Yes, tonight was the night of my spider phobics' course at Bristol Zoo, and in this age of certification I have a signed piece of paper from one of the zoo educationalists and the visiting hypnotherapist to confirm that I didn't chicken out of attending! I've spent the evening absorbing interesting spider facts, looking at shed spider skins (and cockroach and other invertebrate skins), lying on the floor doing relaxation exercises and receiving hypnotherapy.

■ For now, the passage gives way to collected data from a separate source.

(* For all $\mathbf u\in C^3(\overline{\mathbb{B}^3})\times C^2(\overline{\mathbb{B}^3})$, \[ \operatorname{Re}(\tilde{\mathbf L}\mathbf u|\mathbf u)_3\le-\tfrac2{p-1}(\mathbf u|\mathbf u)_3. \]
   Context: Fix $p>3$. $\mathbb{B}^3$ is the open unit ball in $\mathbb{R}^3$, $\mathbb{S}^2=\partial\mathbb{B}^3$ with surface measure $\sigma$; repeated latin indices are summed from 1 to 3; functions are complex-valued. For $\mathbf u,\mathbf v\in C^2(\overline{\mathbb{B}^3})\times C^1(\overline{\mathbb{B}^3})$, $(\mathbf u|\mathbf v)_3=\int_{\mathbb{S}^2}[\omega^j\partial_ju_1+u_1+u_2](\omega)d\sigma(\omega)\int_{\mathbb{S}^2}\overline{[\omega^j\partial_jv_1+v_1+v_2](\omega)}d\sigma(\omega)$. For $\mathbf u\in C^3(\overline{\mathbb{B}^3})\times C^2(\overline{\mathbb{B}^3})$, $\tilde{\mathbf L}\mathbf u(\xi)=\big(-\xi^j\partial_ju_1(\xi)-\frac2{p-1}u_1(\xi)+u_2(\xi),\ \partial^j\partial_ju_1(\xi)-\xi^j\partial_ju_2(\xi)-\frac{p+1}{p-1}u_2(\xi)\big)$. *)

From Stdlib Require Import Reals.
From Coquelicot Require Import Coquelicot.
Open Scope R_scope.

(* Points of R^3, written ((x1, x2), x3). Coordinates indexed by j = 0,1,2
   (standing for the paper's indices 1,2,3). *)
Definition R3 := (R * R * R)%type.

Definition coord (x : R3) (j : nat) : R :=
  match j with
  | O => fst (fst x)
  | 1%nat => snd (fst x)
  | _ => snd x
  end.

Definition shift (x : R3) (j : nat) (t : R) : R3 :=
  match j with
  | O => ((fst (fst x) + t, snd (fst x)), snd x)
  | 1%nat => ((fst (fst x), snd (fst x) + t), snd x)
  | _ => ((fst (fst x), snd (fst x)), snd x + t)
  end.

Definition ex_partial (f : R3 -> C) (j : nat) (x : R3) : Prop :=
  ex_derive (fun t => Re (f (shift x j t))) 0 /\
  ex_derive (fun t => Im (f (shift x j t))) 0.

Definition partial (f : R3 -> C) (j : nat) (x : R3) : C :=
  (Derive (fun t => Re (f (shift x j t))) 0,
   Derive (fun t => Im (f (shift x j t))) 0).

Fixpoint Ck (k : nat) (U : R3 -> Prop) (f : R3 -> C) : Prop :=
  (forall x, U x -> continuous f x) /\
  match k with
  | O => True
  | S k' => (forall j x, (j < 3)%nat -> U x -> ex_partial f j x) /\
            (forall j, (j < 3)%nat -> Ck k' U (partial f j))
  end.

Definition cball (x : R3) : Prop :=
  coord x 0 ^ 2 + coord x 1 ^ 2 + coord x 2 ^ 2 <= 1.

(* C^k(closed unit ball): C^k on some open neighbourhood of the closed ball *)
Definition Ck_cball (k : nat) (f : R3 -> C) : Prop :=
  exists U : R3 -> Prop, open U /\ (forall x, cball x -> U x) /\ Ck k U f.

Definition sum3 (g : nat -> C) : C := Cplus (Cplus (g 0%nat) (g 1%nat)) (g 2%nat).

(* Integral over S^2 with respect to the surface measure, via spherical
   coordinates: d sigma = sin(theta) d theta d phi. *)
Definition sph (th ph : R) : R3 :=
  ((sin th * cos ph, sin th * sin ph), cos th).

Definition sphere_int (g : R3 -> C) : C :=
  @RInt C_R_CompleteNormedModule
    (fun th => @RInt C_R_CompleteNormedModule
                 (fun ph => Cmult (RtoC (sin th)) (g (sph th ph))) 0 (2 * PI)) 0 PI.

Definition pair3 := ((R3 -> C) * (R3 -> C))%type.

Definition bdry (u : pair3) (w : R3) : C :=
  Cplus (Cplus (sum3 (fun j => Cmult (RtoC (coord w j)) (partial (fst u) j w)))
               (fst u w)) (snd u w).

Definition ip3 (u v : pair3) : C :=
  Cmult (sphere_int (bdry u)) (Cconj (sphere_int (bdry v))).

Definition Ltilde (p : R) (u : pair3) : pair3 :=
  (fun xi =>
     Cplus (Cminus (Copp (sum3 (fun j => Cmult (RtoC (coord xi j)) (partial (fst u) j xi))))
                   (Cmult (RtoC (2 / (p - 1))) (fst u xi)))
           (snd u xi),
   fun xi =>
     Cminus (Cminus (sum3 (fun j => partial (partial (fst u) j) j xi))
                    (sum3 (fun j => Cmult (RtoC (coord xi j)) (partial (snd u) j xi))))
            (Cmult (RtoC ((p + 1) / (p - 1))) (snd u xi))).

(* On the unit sphere the boundary functional of L~u is, pointwise,
     w^j d_j (L~u)_1 + (L~u)_1 + (L~u)_2 = Lap_S u_1 - 2/(p-1) (w^j d_j u_1 + u_1 + u_2),
   where Lap_S u_1 = Delta u_1 - w^j w^k d_j d_k u_1 - 2 w^j d_j u_1 is the Laplace-Beltrami
   operator of u_1 on S^2 (the u_2-terms combine because 1 - (p+1)/(p-1) = -2/(p-1)).
   Lap_S u_1 has zero mean on S^2: in spherical coordinates
     sin^2 th Lap_S u = sin th d_th (sin th d_th u) + d_ph^2 u,
   the ph-integral of d_ph^2 u vanishes by periodicity and the th-integral of
   d_th (sin th d_th u) because sin vanishes at the poles.  Hence the sphere integral of the
   boundary functional of L~u is -2/(p-1) times that of u, and (L~u|u)_3 = -2/(p-1) (u|u)_3:
   the inequality holds with equality.  The chain rule for u o (spherical coordinates) comes from
   the continuity of the partial derivatives, via the mean value theorem on each coordinate. *)

From Stdlib Require Import Reals Lra Lia Nsatz FunctionalExtensionality.
From Coquelicot Require Import Coquelicot.
Open Scope R_scope.

Lemma ball_R (a b e : R) : ball a e b <-> Rabs (b - a) < e.
Proof. unfold ball; simpl; unfold AbsRing_ball, abs, minus, plus, opp; simpl. tauto. Qed.

Lemma ball_R3 (x0 x1 x2 y0 y1 y2 e : R) :
  ball (((x0, x1), x2) : R3) e ((y0, y1), y2) <->
  Rabs (y0 - x0) < e /\ Rabs (y1 - x1) < e /\ Rabs (y2 - x2) < e.
Proof.
  change ((ball x0 e y0 /\ ball x1 e y1) /\ ball x2 e y2 <->
    Rabs (y0 - x0) < e /\ Rabs (y1 - x1) < e /\ Rabs (y2 - x2) < e).
  rewrite !ball_R. tauto.
Qed.

Lemma Rabs_coord_le_norm (h : R3) :
  Rabs (fst (fst h)) <= norm h /\ Rabs (snd (fst h)) <= norm h /\ Rabs (snd h) <= norm h.
Proof.
  pose proof (norm_le_prod_norm_1 h) as H1.
  pose proof (norm_le_prod_norm_2 h) as H2.
  pose proof (norm_le_prod_norm_1 (fst h)) as H3.
  pose proof (norm_le_prod_norm_2 (fst h)) as H4.
  change (norm (snd h)) with (Rabs (snd h)) in H2.
  change (norm (fst (fst h))) with (Rabs (fst (fst h))) in H3.
  change (norm (snd (fst h))) with (Rabs (snd (fst h))) in H4.
  repeat split; [exact (Rle_trans _ _ _ H3 H1) | exact (Rle_trans _ _ _ H4 H1) | exact H2].
Qed.

Lemma Rabs_between_le (a b s : R) : Rmin a b <= s <= Rmax a b -> Rabs (s - a) <= Rabs (b - a).
Proof.
  intros [H1 H2]. unfold Rmin, Rmax in *. destruct (Rle_dec a b);
  unfold Rabs; repeat destruct Rcase_abs; lra.
Qed.

Lemma MVT_linear_approx (f df : R -> R) (a b eps c0 : R) :
  (forall s, Rmin a b <= s <= Rmax a b -> is_derive f s (df s)) ->
  (forall s, Rmin a b <= s <= Rmax a b -> Rabs (df s - c0) <= eps) ->
  Rabs (f b - f a - c0 * (b - a)) <= eps * Rabs (b - a).
Proof.
  intros Hd Hb.
  destruct (MVT_gen f a b df) as [c [Hc Heq]].
  - intros s Hs. apply Hd. lra.
  - intros s Hs. apply continuity_pt_filterlim.
    apply (ex_derive_continuous (V := R_NormedModule)). eexists. apply Hd. exact Hs.
  - rewrite Heq. replace (df c * (b - a) - c0 * (b - a)) with ((df c - c0) * (b - a)) by ring.
    rewrite Rabs_mult. apply Rmult_le_compat_r. apply Rabs_pos. apply Hb. exact Hc.
Qed.

Definition dot3 (a0 a1 a2 : R) (h : R3) : R := fst (fst h) * a0 + snd (fst h) * a1 + snd h * a2.

Lemma is_linear_dot3 (a0 a1 a2 : R) : is_linear (V := R_NormedModule) (dot3 a0 a1 a2).
Proof.
  unfold dot3. split.
  - intros [[x0 x1] x2] [[y0 y1] y2]. unfold plus; simpl. unfold plus; simpl. ring.
  - intros k [[x0 x1] x2]. unfold scal; simpl. unfold scal, mult; simpl. unfold mult; simpl. ring.
  - exists (Rabs a0 + Rabs a1 + Rabs a2 + 1). split.
    + pose proof (Rabs_pos a0); pose proof (Rabs_pos a1); pose proof (Rabs_pos a2); lra.
    + intros [[h0 h1] h2].
      destruct (Rabs_coord_le_norm ((h0, h1), h2)) as [N0 [N1 N2]]. cbn [fst snd] in *.
      change (norm (h0 * a0 + h1 * a1 + h2 * a2)) with (Rabs (h0 * a0 + h1 * a1 + h2 * a2)).
      set (n := norm _) in *.
      assert (0 <= n) by exact (Rle_trans _ _ _ (Rabs_pos _) N2).
      eapply Rle_trans. apply Rabs_triang. eapply Rle_trans. apply Rplus_le_compat_r. apply Rabs_triang.
      rewrite !Rabs_mult.
      pose proof (Rmult_le_compat_r (Rabs a0) _ _ (Rabs_pos a0) N0).
      pose proof (Rmult_le_compat_r (Rabs a1) _ _ (Rabs_pos a1) N1).
      pose proof (Rmult_le_compat_r (Rabs a2) _ _ (Rabs_pos a2) N2).
      nra.
Qed.

Section FrechetFromPartials.

Variables (v d0 d1 d2 : R3 -> R) (x0 x1 x2 : R) (del : posreal).
Let x : R3 := ((x0, x1), x2).
Hypotheses
  (Hd0 : forall y, ball x del y -> is_derive (fun s => v ((s, snd (fst y)), snd y)) (fst (fst y)) (d0 y))
  (Hd1 : forall y, ball x del y -> is_derive (fun s => v ((fst (fst y), s), snd y)) (snd (fst y)) (d1 y))
  (Hd2 : forall y, ball x del y -> is_derive (fun s => v ((fst (fst y), snd (fst y)), s)) (snd y) (d2 y)).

What amazed me was that I am by far from being the 'worst' type of phobic on the course. My colleague Steve won't open his windows at all and stuffs towels under his bedroom door every night, before he spends ages checking and re-checking the absence of spiders in his room. This is after he's checked and re-checked whether he put the plugs into the bath and all the sinks in his house just in case a cheeky spider should climb out of the U-bend... Someone else's kind brothers taped plastic spiders all over their room doors in the knowledge that this would deter their sister from ever entering. One woman drove her car into a hedge - deliberately - when she found a spider in the front with her, and another locked her children into their bedroom for an hour when she found a spider on their door and couldn't pass through it until her husband came home and 'dealt' with things.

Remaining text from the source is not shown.